Dall’altra parte, Ranieri opta per una Roma prudente, schierando Pellegrini sulla trequarti insieme a Soulé, a sostegno dell’unica punta Dovbyk, preferito a Belotti. Il risultato? Una squadra attendista, a tratti timorosa, tenuta a galla solo dalla serata monumentale del proprio portiere.
La gara si accende sin dai primi minuti, quando Paredes rifila un gesto poco sportivo a Zaccagni: solo giallo per Sozza. Sul calcio piazzato che ne segue, Lazio subito vicina al gol con un colpo di testa di Romagnoli, su cross di Isaksen, deviato miracolosamente da Svilar. Ed è solo l’inizio del duello tra il portiere belga e l’attacco laziale.
La Lazio prende campo, comanda il ritmo e sfonda a sinistra con la solita verve di Isaksen, che al minuto 21 sfiora ancora il vantaggio: azione confusa, recupero alto di Rovella, palla filtrante per il danese, che calcia a botta sicura, ma ancora una volta Svilar dice no.
Anche al 37’, su assist di Castellanos, Isaksen ci riprova con un sinistro a giro, ma l’estremo difensore romanista si conferma reattivo. La Roma? Poco più di uno sparring partner, con rare folate offensive che non impensieriscono Mandas.
Il secondo tempo si apre con la Lazio ancora propositiva e finalmente premiata: al 47’, punizione guadagnata da Castellanos, battuta magistrale di Pellegrini e Romagnoli, ancora lui, stavolta la mette dentro. Capocciata perfetta e corsa sotto la Curva Nord, con bacio alla maglia a suggellare l’1-0. Emozione pura.
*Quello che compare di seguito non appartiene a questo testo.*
(* Let $\mathbb{k}$ be any field and $\mathfrak{h}$ a right Leibniz algebra over $\mathbb{k}$ of finite dimension $n$ with ordered basis $\mathbf{b}=(y_1,\ldots,y_n)$ and structure constants $C^i_{jk}$ given by $[y_j,y_k]=\sum_iC^i_{jk}y_i$. Let $\mathcal{G}^i_j,\bar{\mathcal{G}}^i_j$ be the generators of $\mathcal{O}(\mathrm{Aut}(\mathfrak{h}))$ relative to $\mathbf{b}$, and let $\tilde y$ denote the image of $y\in\mathfrak{h}$ in $\mathfrak{h}_{Lie}$. Then there exists a unique Hopf pairing $\langle-,-\rangle\colon U(\mathfrak{h}_{Lie})\otimes\mathcal{O}(\mathrm{Aut}(\mathfrak{h}))\to\mathbb{k}$ such that $\langle\tilde y_k,\mathcal{G}^i_j\rangle=-C^i_{jk}$ for all $i,j,k\in\{1,\ldots,n\}$. This Hopf pairing does not depend on the choice of basis $\mathbf{b}$.
   Context: A right Leibniz algebra is a vector space $\mathfrak{h}$ with a bilinear bracket satisfying $[[x,y],z]=[[x,z],y]+[x,[y,z]]$. $\mathfrak{h}_{Lie}$ is the quotient of $\mathfrak{h}$ by the two-sided ideal generated by all $[x,x]$; $U(\mathfrak{h}_{Lie})$ is its universal enveloping algebra with its standard Hopf algebra structure. $\mathcal{O}(\mathrm{Aut}(\mathfrak{h}))$ is the coordinate Hopf algebra of the affine algebraic group of automorphisms of $\mathfrak{h}$; relative to $\mathbf{b}$ it is the commutative algebra generated by $\mathcal{G}^i_j,\bar{\mathcal{G}}^i_j$ ($\mathcal{G}^i_j$ gives the $(i,j)$ matrix entry of an automorphism $\psi$ in basis $\mathbf{b}$, $\psi(y_j)=\sum_i\mathcal{G}^i_j(\psi)y_i$; $\bar{\mathcal{G}}^i_j$ that of $\psi^{-1}$) with relations $\sum_{l,m}C^k_{lm}\mathcal{G}^l_i\mathcal{G}^m_j=\sum_r\mathcal{G}^k_rC^r_{ij}$, $\sum_k\mathcal{G}^i_k\bar{\mathcal{G}}^k_j=\delta^i_j=\sum_k\bar{\mathcal{G}}^i_k\mathcal{G}^k_j$, and Hopf structure $\Delta(\mathcal{G}^i_j)=\sum_k\mathcal{G}^i_k\otimes\mathcal{G}^k_j$, $\Delta(\bar{\mathcal{G}}^i_j)=\sum_k\bar{\mathcal{G}}^k_j\otimes\bar{\mathcal{G}}^i_k$, $\epsilon(\mathcal{G}^i_j)=\epsilon(\bar{\mathcal{G}}^i_j)=\delta^i_j$, $S(\mathcal{G}^i_j)=\bar{\mathcal{G}}^i_j$, $S(\bar{\mathcal{G}}^i_j)=\mathcal{G}^i_j$. A Hopf pairing $B\otimes H\to\mathbb{k}$ of bialgebras is a bilinear form (not required nondegenerate) with $\langle\Delta_B(b),h\otimes k\rangle=\langle b,hk\rangle$, $\langle b,1\rangle=\epsilon_B(b)$, $\langle b\otimes c,\Delta_H(h)\rangle=\langle bc,h\rangle$, $\langle 1,h\rangle=\epsilon_H(h)$, with componentwise pairing of tensor products. *)

From HB Require Import structures.
From mathcomp Require Import all_boot all_order all_algebra.
From mathcomp Require Import mpoly.

Set Implicit Arguments.
Unset Strict Implicit.
Unset Printing Implicit Defensive.

Import GRing.Theory.
Local Open Scope ring_scope.

(* U(h_Lie) is presented as a quotient of the tensor algebra T(h), whose      *)
(* linear basis is the set of words (seq 'I_n) in the basis letters y_i.       *)
(* O(Aut h) is presented (as in the paper) as the quotient of the polynomial  *)
(* ring P = K[G^i_j, Gbar^i_j] by the ideal of the listed relations.          *)
(* A bilinear form on U(h_Lie) x O(Aut h) is the same thing as a function     *)
(* pr : words -> P -> K, linear in the second argument (and extended          *)
(* linearly in the first), vanishing on (kernel of T(h) -> U(h_Lie)) x P and  *)
(* on T(h) x (relation ideal).  The Hopf pairing axioms are then stated on    *)
(* these representatives; P (x) P is realized as the polynomial ring in twice *)
(* as many variables.                                                         *)

Section Defs.
Variables (K : fieldType) (V : vectType K) (br : V -> V -> V) (n : nat).

Definition bilinear_bracket : Prop :=
  (forall (a : K) (x y z : V), br (a *: x + y) z = a *: br x z + br y z) /\
  (forall (a : K) (x y z : V), br z (a *: x + y) = a *: br z x + br z y).

Definition right_leibniz : Prop :=
  forall x y z : V, br (br x y) z = br (br x z) y + br x (br y z).

Definition in_leib_ideal (z : V) : Prop :=
  forall S : {vspace V},
    (forall x, br x x \in S) ->
    (forall x s, s \in S -> br x s \in S) ->
    (forall x s, s \in S -> br s x \in S) ->
    z \in S.

(* structure constants: [y_j, y_k] = sum_i C^i_{jk} y_i ;  Cst b i j k = C^i_{jk} *)
Definition Cst (b : n.-tuple V) (i j k : 'I_n) : K :=
  coord b i (br (tnth b j) (tnth b k)).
Il vantaggio accende ulteriormente il match: la Roma prova a rispondere con un colpo di testa di Mancini, deviato in corner da uno strepitoso Mandas, mentre la Lazio sfiora il raddoppio con Guendouzi, ancora su palla inattiva.
Poi, al 66’, arriva la doccia fredda: Soulé, fino a quel momento intermittente, pesca il jolly con un mancino potente dai 20 metri. La palla bacia la traversa e supera la linea: è 1-1. Una beffa. La Roma pareggia senza aver mai davvero costruito.
La Lazio non ci sta e prova subito a reagire con Pedro, la cui conclusione viene ancora neutralizzata da uno Svilar insuperabile. Al 76’, la chance più nitida del secondo tempo: cross perfetto di Dele-Bashiru, intervento maldestro di Ndicka e palla che carambola sui piedi di Dia, a terra, ma ancora una volta il portiere romanista è provvidenziale nel rimpallo.
In pieno recupero, l’ultimo brivido: corner di Pedro e stacco di Noslin, che però non impatta come dovrebbe. Palla alta, mani nei capelli e applausi della Curva Nord, che saluta una squadra generosa, sfortunata, ma decisamente viva.
Il derby non si vince, ma la prestazione è di quelle che rafforzano lo spirito di squadra. La Lazio ha giocato, ha creato, ha dominato per lunghi tratti, ma paga l’incapacità di essere cinica e una serata perfetta del portiere avversario. La Roma strappa un punto immeritato, la Lazio si prende gli applausi del suo popolo.
E anche se il rammarico è grande, la classifica resta lì: compatta, viva, ancora tutta da scrivere. La zona Champions non è un miraggio. E con questo spirito, nulla è precluso.